TASK REQUIREMENTS
Only the lines from the one containing "intros Hy Hr." through the one containing "N => sum_f_R0 (exp_term (r * y)) N" should be printed, exactly as they appear below, with both ends included.

SUPPLIED DATA
Lemma div_coef_bounded a al (K rho : R) : al != 0 -> 0 < rho ->
  rho <= normc al / 2 -> (forall k, normc (a k) * rho ^+ k <= K) ->
  forall k, normc (div_coef a al k) * rho ^+ k <= 2 * K / normc al.
Proof.
move=> al0 rho0 rho_al aK; have al_gt0 : 0 < normc al by rewrite normc_gt0.
have K0 : 0 <= K by apply: le_trans (aK 0%N); rewrite mulr_ge0 ?normc_ge0 ?exprn_ge0 ?ltW.
set L := 2 * K / normc al.
have LK : L * rho <= K.
  by rewrite /L mulrAC ler_pdivrMr //; have := ler_wpM2l K0 rho_al; lra.
elim=> [|k IHk] /=; rewrite normcM normcV mulrAC ler_pdivrMr // [L * _]divfK ?gt_eqF //.
  by have := aK 0%N; rewrite !expr0 !mulr1; lra.
have := aK k.+1; rewrite exprS.
have rk0 : 0 <= rho * rho ^+ k by rewrite mulr_ge0 ?exprn_ge0 ?ltW.
have h1 : normc (a k.+1 - div_coef a al k) * (rho * rho ^+ k) <=
    (normc (a k.+1) + normc (div_coef a al k)) * (rho * rho ^+ k).
  rewrite ler_pM2r ?mulr_gt0 ?exprn_gt0 //.
  by apply: le_trans (le_normcD _ _) _; rewrite normcN.
have h2 := ler_wpM2r (ltW rho0) IHk; lra.
Qed.

Lemma expands_at_div x al f v : al != 0 -> expands_at x f v ->
  expands_at x (fun z => f z / (al + (z - x))) (v / al).
Proof.
move=> al0 [a [a0 [r [r0 Hr]]]]; have al_gt0 : 0 < normc al by rewrite normc_gt0.
set rho := Num.min (r / 2) (normc al / 2).
have rho0 : 0 < rho by rewrite lt_min !divr_gt0.
have rho_r : rho < r by rewrite gt_min; apply/orP; left; lra.
have rho_al : rho <= normc al / 2 by rewrite ge_min lexx orbT.
have [K [K0 aK]] := psum_coef_bounded Hr rho0 rho_r.
have bK := div_coef_bounded al0 rho0 rho_al aK.
exists (div_coef a al); split; first by rewrite /= a0.
exists rho; split=> // z /andP[z0 z_rho]; set w := z - x in z0 z_rho *.
have alw0 : al + w != 0.
  apply: contraTneq z_rho => /(canRL (addKr al)); rewrite addr0 => ->.
  by rewrite normcN -leNgt; lra.
set q := normc w / rho.
have q01 : 0 <= q < 1 by rewrite divr_ge0 ?normc_ge0 ?ltW //= ltr_pdivrMr // mul1r.
have rem0 : converges_to (fun m => div_rem a al m * w ^+ m) 0.
  apply: (@converges_to0_geometric _ _ (2 * K / normc al * rho) q q01) => -[|k]; rewrite /div_rem.
    rewrite mul0r normc0 expr0 mulr1; apply: mulr_ge0 (ltW rho0).
    by rewrite divr_ge0 ?mulr_ge0 ?normc_ge0.
  rewrite normcM normcX.
  have -> : normc w ^+ k.+1 = rho ^+ k * (rho * q ^+ k.+1).
    by rewrite mulrA -exprSr -exprMn /q mulrCA mulfV ?gt_eqF // mulr1.
  have hq : 0 <= rho * q ^+ k.+1.
    by apply: mulr_ge0; [exact: ltW | apply: exprn_ge0; case/andP: q01].
  by have := ler_wpM2r hq (bK k); rewrite !mulrA.
have := converges_toMl (al + w)^-1 (converges_toD (Hr z _) rem0).
rewrite z0 (lt_trans z_rho rho_r) addr0 mulrC => /(_ isT).
apply: converges_to_eventually; exists 0%N => m _.
by rewrite -psum_div_coef // mulKf.
Qed.
Lemma rhs_fun_seq n (x y : 'I_n -> R) :
  rhs_fun t x y = rhs_seq [seq x i | i <- enum 'I_n] [seq y i | i <- enum 'I_n].
Proof. by rewrite /rhs_seq -triprod_enum. Qed.

Lemma sum_lhs_fun_perm n (u v : 'I_n -> R) (s : 'S_n) :
  injective u -> injective v -> (forall a b, u a != t * v b) ->
  \sum_(s' : 'S_n) lhs_fun t (fun i => u (s i)) (fun i => v (s' i))
  = tvdm_ratio [seq u (s i) | i <- enum 'I_n] *
    sym_rhs_seq [seq u i | i <- enum 'I_n] [seq v i | i <- enum 'I_n].
Proof.
move=> u_inj v_inj huv; under eq_bigr do rewrite lhs_fun_seq.
rewrite -mulr_sumr (sum_perm_permutations (rhs_seq _) v_inj); congr (_ * _).
apply: sym_rhs_seq_perm.
- exact: perm_eq_map_perm.
- by rewrite map_inj_uniq ?enum_uniq // => i j /u_inj/perm_inj.
- by rewrite map_inj_uniq ?enum_uniq.
- by rewrite !size_map.
by move=> a z /mapP[i _ ->] /mapP[j _ ->].
Qed.

End RationalIdentities.

Theorem lemma3p8 (R : fieldType) (n : nat) (t : R) (u v : 'I_n -> R)
  (ht : t != 1)
  (hu : injective u) (hv : injective v)
  (huv : forall a b : 'I_n, u a != t * v b) :
  \sum_(s : 'S_n) \sum_(s' : 'S_n) lhs_fun t (fun i => u (s i)) (fun i => v (s' i))
  = qpoch t n / (1 - t) ^+ n *
    \sum_(s' : 'S_n) rhs_fun t u (fun i => v (s' i)).
Proof.
have uU : uniq [seq u i | i <- enum 'I_n] by rewrite map_inj_uniq ?enum_uniq.
under eq_bigr do rewrite sum_lhs_fun_perm //.
rewrite -mulr_suml (sum_perm_permutations (tvdm_ratio t) hu) -/(sym_tvdm_ratio _ _).
rewrite sym_tvdm_ratio_uniq // size_map size_enum_ord.
under [in RHS]eq_bigr do rewrite rhs_fun_seq.
rewrite (sum_perm_permutations (rhs_seq t _) hv) qpoch_tfactorial.
rewrite [(1 - t) ^+ n * _]mulrC mulfK //.
by rewrite expf_neq0 // subr_eq0 eq_sym.
Qed.
(* If 4 lam <= ln p and m <= n then exp(lam m^2/n) <= 2^m + 8^-n p^m:
   when lam m <= n ln 2 the first term dominates, otherwise the exponent
   lam m^2/n <= lam m <= m ln p - 3 n ln 2 is controlled by the second. *)
Lemma exp_square_le (lam p : R) (m n : nat) : (0 < n)%N -> (m <= n)%N -> 0 <= lam ->
  1 < p -> 4 * lam <= ln p ->
  exp (lam * m%:R ^+ 2 / n%:R) <= 2 ^+ m + (8^-1) ^+ n * p ^+ m.
Proof.
move=> n0 mn lam0 p1 lp.
set M : R := m%:R; set N : R := n%:R.
have N0 : 0 < N by rewrite ltr0n.
have M0 : 0 <= M by rewrite ler0n.
have MN : M <= N by rewrite ler_nat.
set A := lam * M.
have A0 : 0 <= A by apply: mulr_ge0.
have p0 : 0 < p by apply: lt_trans p1.
have second_ge0 : 0 <= (8^-1) ^+ n * p ^+ m.
  by apply: mulr_ge0; rewrite exprn_ge0 // ?invr_ge0 // ltW.
have [small | large] := leP A (N * ln 2).
  apply: (@le_trans _ _ (2 ^+ m)); last by rewrite lerDl.
  rewrite -(@exp_natmul_ln 2 m) //; apply: exp_le.
  have -> : lam * M ^+ 2 / N = M * (A / N).
    by rewrite /A expr2; field; apply: lt0r_neq0.
  by apply: ler_wpM2l => //; rewrite ler_pdivrMr // mulrC.
apply: (@le_trans _ _ (exp (M * ln p + N * ln (8^-1)))); last first.
  rewrite exp_plus RmultE exp_natmul_ln // exp_natmul_ln ?invr_gt0 // [X in X <= _]mulrC.
  by apply: ler_wpDl; rewrite ?exprn_ge0.
apply: exp_le.
have -> : lam * M ^+ 2 / N = A * (M / N).
  by rewrite /A expr2; field; apply: lt0r_neq0.
have shrink : A * (M / N) <= A by apply: ler_piMr => //; rewrite ler_pdivrMr // mul1r.
have ln8 : ln (8^-1 : R) = - (3%:R * ln 2).
  by rewrite -RinvE ln_Rinv -?ln_natX //; apply/RltP.
have lamM : 4 * A <= M * ln p.
  by rewrite (_ : 4 * A = M * (4 * lam)) ?ler_wpM2l // /A; ring.
rewrite ln8; move: large shrink lamM.
set B := A * (M / N); set LP := M * ln p; set N2 := N * ln 2.
have -> : N * - (3%:R * ln 2) = - (3%:R * N2) by rewrite /N2; ring.
move=> *; lra.
Qed.

Section PrimeFamily.
Variables (I : finType) (pv : I -> nat).
Hypothesis pv_inj : injective pv.
Hypothesis pv_prime : forall q, prime (pv q).

Lemma prod_family_dvd (J : {set I}) m :
  (forall q, q \in J -> (pv q %| m)%N) -> (\prod_(q in J) pv q %| m)%N.
Proof.
move=> J_dvd.
have -> : (\prod_(q in J) pv q = \prod_(p <- map pv (enum J)) p)%N.
  by rewrite big_map big_enum.
apply: (@prod_primes_dvd _ predT); first by rewrite (map_inj_uniq pv_inj) enum_uniq.
by move=> p /mapP[q qJ ->] _; rewrite pv_prime J_dvd // -mem_enum.
Qed.
Lemma solves_superposition {R : realType} {d : nat} (T : R) (f h g : R -> R)
    (m x0 : 'I_d -> R) (u x w z : R -> 'I_d -> R) (e : R) :
  solves T f h g m x0 u x -> solves T f h g (fun=> 0) (fun=> 0) w z ->
  solves T f h g m x0 (fun t i => u t i + e * w t i) (fun t i => x t i + e * z t i).
Proof.
move=> [x_0 hx] [z_0 hz]; split.
  by apply/funext => i; rewrite x_0 z_0 mulr0 addr0.
move=> i; have [xc xd] := hx i; have [zc zd] := hz i; split.
  exact: within_continuousD xc (within_continuousZ zc).
move=> t tT; apply: is_derive_eq (is_deriveD (xd t tT) (is_deriveZ e (zd t tT))) _.
by rewrite /GRing.scale /=; ring.
Qed.

Section cost.
Context {R : realType} {d : nat}.
Notation mu := (@lebesgue_measure R).
Variable T : R.
Implicit Types (u w : R -> 'I_d -> R) (p : 'I_d -> R) (psi : R -> R).

Definition energy u : R := \int[mu]_(t in `[0, T]) (2^-1 * sqnorm (u t)).

Definition scaled_profile psi p u : Prop :=
  forall t, t \in `[0, T] -> forall i, u t i = p i * psi t.

Lemma admissible_add_scale u w e : admissible T u -> admissible T w ->
  admissible T (fun t i => u t i + e * w t i).
Proof.
by move=> hu hw i; apply: within_continuousD (hu i) (within_continuousZ (hw i)).
Qed.

Lemma admissible_scaled_profile psi p u : {within `[0, T], continuous psi} ->
  scaled_profile psi p u -> admissible T u.
Proof.
move=> hpsi hu i; apply: (@subspace_eq_continuous _ _ _ (fun t => p i * psi t)).
  by move=> t; rewrite inE => tT; exact/esym/hu.
exact: within_continuousZ.
Qed.

Lemma within_continuous_sqnorm u : admissible T u ->
  {within `[0, T], continuous (fun t => sqnorm (u t))}.
Proof.
by move=> hu; apply: within_continuous_sum => i; exact: within_continuousM.
Qed.

Lemma within_continuous_half_sqnorm u : admissible T u ->
  {within `[0, T], continuous (fun t => 2^-1 * sqnorm (u t))}.
Proof. by move=> hu; exact/within_continuousZ/within_continuous_sqnorm. Qed.

Lemma integral_half_sqnorm u : admissible T u ->
  (\int[mu]_(t in [set` `[0, T]%R]) (2^-1 * sqnorm (u t))%:E)%E = (energy u)%:E.
Proof.
by move=> hu; rewrite (integral_within_continuous (within_continuous_half_sqnorm hu)).
Qed.

Lemma Jcost_energy gam xT u x : admissible T u ->
  Jcost T gam xT u x = (energy u + gam / 2 * sqnorm (fun i => x T i - xT i))%:E.
Proof. by move=> hu; rewrite /Jcost integral_half_sqnorm. Qed.

Lemma energy_add_scale u w e : admissible T u -> admissible T w ->
  energy (fun t i => u t i + e * w t i) =
  energy u + e * \int[mu]_(t in `[0, T]) (\sum_(i < d) u t i * w t i) +
  e ^+ 2 * energy w.
Proof.
move=> hu hw.
have cuw : {within `[0, T], continuous (fun t => \sum_(i < d) u t i * w t i)}.
  by apply: within_continuous_sum => i; exact: within_continuousM.
rewrite /energy -!RintegralZl //; try exact: within_continuous_integrable.
rewrite -!RintegralD //.
  by apply: eq_Rintegral => t _; rewrite sqnorm_add_scale; field.
all: try apply: within_continuous_integrable; try apply: within_continuousD.
all: do ?apply: within_continuousZ.
all: by [exact: within_continuous_sqnorm | exact: within_continuous_half_sqnorm
          | exact: cuw].
Qed.
Section Decorations.
Variables (T : finType) (E : {set {set T}}).
Implicit Types (g : {set T} -> T -> int) (e : {set T}) (x : T).

Lemma eq_Qf g1 g2 e x :
  (forall e', e' \in E -> x \in e' -> e' != e -> g1 e' x = g2 e' x) ->
  Qf E g1 e x = Qf E g2 e x.
Proof. by move=> eq_g; apply: eq_bigr => e' /andP[e'E /andP[x_e' e'e]]; apply: eq_g. Qed.

Lemma Qf_bigD1 g e1 e x :
  e1 \in E -> x \in e1 -> e1 != e ->
  Qf E g e x = g e1 x * \prod_(e' in E | [&& x \in e', e' != e1 & e' != e]) g e' x.
Proof.
move=> e1E x_e1 e1e; rewrite /Qf (bigD1 e1) /=; last by rewrite e1E x_e1 e1e.
congr (_ * _); apply: eq_bigl => e'.
by case: (e' \in E); case: (x \in e'); case: (e' != e1); case: (e' != e).
Qed.

Lemma detfC g u v : detf E g u v = detf E g v u.
Proof. by rewrite /detf setUC (mulrC (g _ u)) (mulrC (Qf _ _ _ u)). Qed.

End Decorations.

Section RootedTree.
Variables (T : finType) (C : {set T}) (E : {set {set T}}) (eta : T).
Hypotheses (tree : is_tree C E) (etaC : eta \in C).
Implicit Types (u v w : T) (e : {set T}).

Lemma edge_card2 e : e \in E -> #|e| = 2%N.
Proof. by case/(tree.1 e). Qed.

Lemma edge_sub e x : e \in E -> x \in e -> x \in C.
Proof. by move=> eE; case/(tree.1 e): eE => _ /subsetP; apply. Qed.

Lemma loop_notin_edges x : [set x; x] \notin E.
Proof. by apply/negP => /edge_card2; rewrite setUid cards1. Qed.

Lemma edge_set2 e v w : e \in E -> v \in e -> w \in e -> v != w -> e = [set v; w].
Proof.
move=> eE ve we vw; apply/eqP; rewrite eq_sym eqEcard edge_card2 // cards2 vw andbT.
by apply/subsetP => x; rewrite !inE => /orP[] /eqP->.
Qed.
Lemma sum_f_R0_le_at_sign_change (c : nat -> R) (n N : nat) :
  (forall k, (k <= n)%nat -> 0 <= c k) -> (forall k, (n < k)%nat -> c k <= 0) ->
  sum_f_R0 c N <= sum_f_R0 c n.
Proof.
  intros Hpos Hneg. destruct (Nat.le_ge_cases N n) as [HN | HN].
  - assert (Hup : forall d, (N + d <= n)%nat -> sum_f_R0 c N <= sum_f_R0 c (N + d)).
    { induction d as [|d IH]; intros Hd; rewrite ?Nat.add_0_r; [apply Rle_refl|].
      rewrite Nat.add_succ_r. simpl. assert (0 <= c (S (N + d))) by (apply Hpos; lia).
      specialize (IH ltac:(lia)). lra. }
    replace n with (N + (n - N))%nat by lia. apply Hup. lia.
  - assert (Hdown : forall d, sum_f_R0 c (n + d) <= sum_f_R0 c n).
    { induction d as [|d IH]; rewrite ?Nat.add_0_r; [apply Rle_refl|].
      rewrite Nat.add_succ_r. simpl. assert (c (S (n + d)) <= 0) by (apply Hneg; lia).
      lra. }
    replace N with (n + (N - n))%nat by lia. apply Hdown.
Qed.

Lemma Un_cv_const (l : R) : Un_cv (fun _ => l) l.
Proof. intros e He. exists O. intros. unfold Rdist. rewrite Rminus_diag, Rabs_R0. lra. Qed.

Definition exp_term (x : R) (k : nat) : R := x ^ k / INR (fact k).

Lemma exp_term_nonneg (x : R) (k : nat) : 0 <= x -> 0 <= exp_term x k.
Proof.
  intros Hx. apply Rmult_le_pos; [apply pow_le; lra | left; apply Rinv_0_lt_compat, INR_fact_lt_0].
Qed.

Lemma exp_series_cv (x : R) : Un_cv (sum_f_R0 (exp_term x)) (exp x).
Proof.
  unfold exp. destruct (exist_exp x) as [l Hl]. simpl.
  apply (Un_cv_ext (sum_f_R0 (fun k => / INR (fact k) * x ^ k))); [|exact Hl].
  intros n. apply sum_eq. intros k _. unfold exp_term, Rdiv. ring.
Qed.

Lemma exp_partial_sum_le (x : R) (n : nat) : 0 <= x -> sum_f_R0 (exp_term x) n <= exp x.
Proof.
  intros Hx. apply sum_incr; [apply exp_series_cv | intros; apply exp_term_nonneg; lra].
Qed.

Lemma exp_ge_cubic (x : R) : 0 <= x -> 1 + x + x ^ 2 / 2 + x ^ 3 / 6 <= exp x.
Proof.
  intros Hx. eapply Rle_trans; [|apply (exp_partial_sum_le x 3 Hx)].
  unfold exp_term. simpl. lra.
Qed.

Lemma exp_1_ge : 8 / 3 <= exp 1.
Proof. assert (H := exp_ge_cubic 1 ltac:(lra)). lra. Qed.

Lemma exp_ge_e_mul (x : R) : exp 1 * x <= exp x.
Proof.
  replace x with (1 + (x - 1)) at 2 by ring. rewrite exp_plus.
  assert (H := exp_ineq1_le (x - 1)). assert (0 < exp 1) by apply exp_pos. nra.
Qed.

(* The partial sums of [(r ^ k - r ^ S n) * exp_term y k] increase up to [n] and decrease
   afterwards, so their limit is at most their value at [n]. *)
Lemma exp_tail_scale (r y : R) (n : nat) : 0 <= y -> 0 <= r <= 1 ->
  exp (r * y) - sum_f_R0 (exp_term (r * y)) n
  <= r ^ S n * (exp y - sum_f_R0 (exp_term y) n).
Proof.
  intros Hy Hr.
  set (c k := exp_term (r * y) k - r ^ S n * exp_term y k).
  assert (Hc : forall N, sum_f_R0 c N
                         = sum_f_R0 (exp_term (r * y)) N - r ^ S n * sum_f_R0 (exp_term y) N).
  { intros N. unfold c. rewrite minus_sum, scal_sum. f_equal. apply sum_eq.
    intros; ring. }
  assert (Hcv : Un_cv (sum_f_R0 c) (exp (r * y) - r ^ S n * exp y)).
  { apply (Un_cv_ext (fun N => sum_f_R0 (exp_term (r * y)) N
                                - r ^ S n * sum_f_R0 (exp_term y) N));
      [intros; symmetry; apply Hc|].
    apply CV_minus; [apply exp_series_cv|].
    apply CV_mult; [apply Un_cv_const | apply exp_series_cv]. }
  assert (Hsign : forall k, c k = (r ^ k - r ^ S n) * exp_term y k).
  { intros k. unfold c, exp_term. rewrite Rpow_mult_distr. unfold Rdiv. ring. }
  assert (Hmax : forall N, sum_f_R0 c N <= sum_f_R0 c n).
  { intros N. apply sum_f_R0_le_at_sign_change; intros k Hk; rewrite Hsign;
      assert (0 <= exp_term y k) by (apply exp_term_nonneg; lra).
    - assert (r ^ S n <= r ^ k) by (apply pow_antimono_le1; [lra | lia]). nra.
    - assert (r ^ k <= r ^ S n) by (apply pow_antimono_le1; [lra | lia]). nra. }
  assert (exp (r * y) - r ^ S n * exp y <= sum_f_R0 c n).
  { eapply Rle_cv_lim; [exact Hmax | exact Hcv | apply Un_cv_const]. }
  rewrite Hc in H. lra.
Qed.

Lemma linear_le_exp_beyond (c d k z0 z : R) :
  c * z0 + d <= exp (k * z0) -> c <= k * exp (k * z0) -> z0 <= z ->
  c * z + d <= exp (k * z).
Proof.
  intros H0 Hslope Hz.
  replace (k * z) with (k * z0 + k * (z - z0)) by ring. rewrite exp_plus.
  assert (H := exp_ineq1_le (k * (z - z0))). assert (0 < exp (k * z0)) by apply exp_pos.
  nra.
Qed.

Lemma C_n_0 (n : nat) : Binomial.C n 0 = 1.
Proof. unfold Binomial.C. rewrite Nat.sub_0_r. simpl. field. apply INR_fact_neq_0. Qed.

Lemma C_n_n (n : nat) : Binomial.C n n = 1.
Proof. unfold Binomial.C. rewrite Nat.sub_diag. simpl. field. apply INR_fact_neq_0. Qed.

Lemma C_nonneg (n k : nat) : 0 <= Binomial.C n k.
Proof.
  unfold Binomial.C. apply Rmult_le_pos; [apply pos_INR|].
  left. apply Rinv_0_lt_compat, Rmult_lt_0_compat; apply INR_fact_lt_0.
Qed.

Lemma hockey_stick (n m : nat) :
  sum_f_R0 (fun k => Binomial.C (n + k) k) m = Binomial.C (n + m + 1) m.
Proof.
  induction m as [|m IH]; simpl sum_f_R0.
  - rewrite !C_n_0. reflexivity.
  - rewrite IH. replace (n + m + 1)%nat with (n + S m)%nat by lia.
    replace (n + S m + 1)%nat with (S (n + S m)) by lia.
    apply pascal. lia.
Qed.

Lemma C_double_central (n : nat) :
  2 * Binomial.C (n + n + 1) n = Binomial.C (2 * S n) (S n).
Proof.
  replace (2 * S n)%nat with (S (n + n + 1)) by lia.
  rewrite <- pascal by lia.
  rewrite (pascal_step1 (n + n + 1) (S n)) by lia.
  replace (n + n + 1 - S n)%nat with n by lia. ring.
Qed.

RESPONSE
  intros Hy Hr.
  set (c k := exp_term (r * y) k - r ^ S n * exp_term y k).
  assert (Hc : forall N, sum_f_R0 c N
                         = sum_f_R0 (exp_term (r * y)) N - r ^ S n * sum_f_R0 (exp_term y) N).
  { intros N. unfold c. rewrite minus_sum, scal_sum. f_equal. apply sum_eq.
    intros; ring. }
  assert (Hcv : Un_cv (sum_f_R0 c) (exp (r * y) - r ^ S n * exp y)).
  { apply (Un_cv_ext (fun N => sum_f_R0 (exp_term (r * y)) N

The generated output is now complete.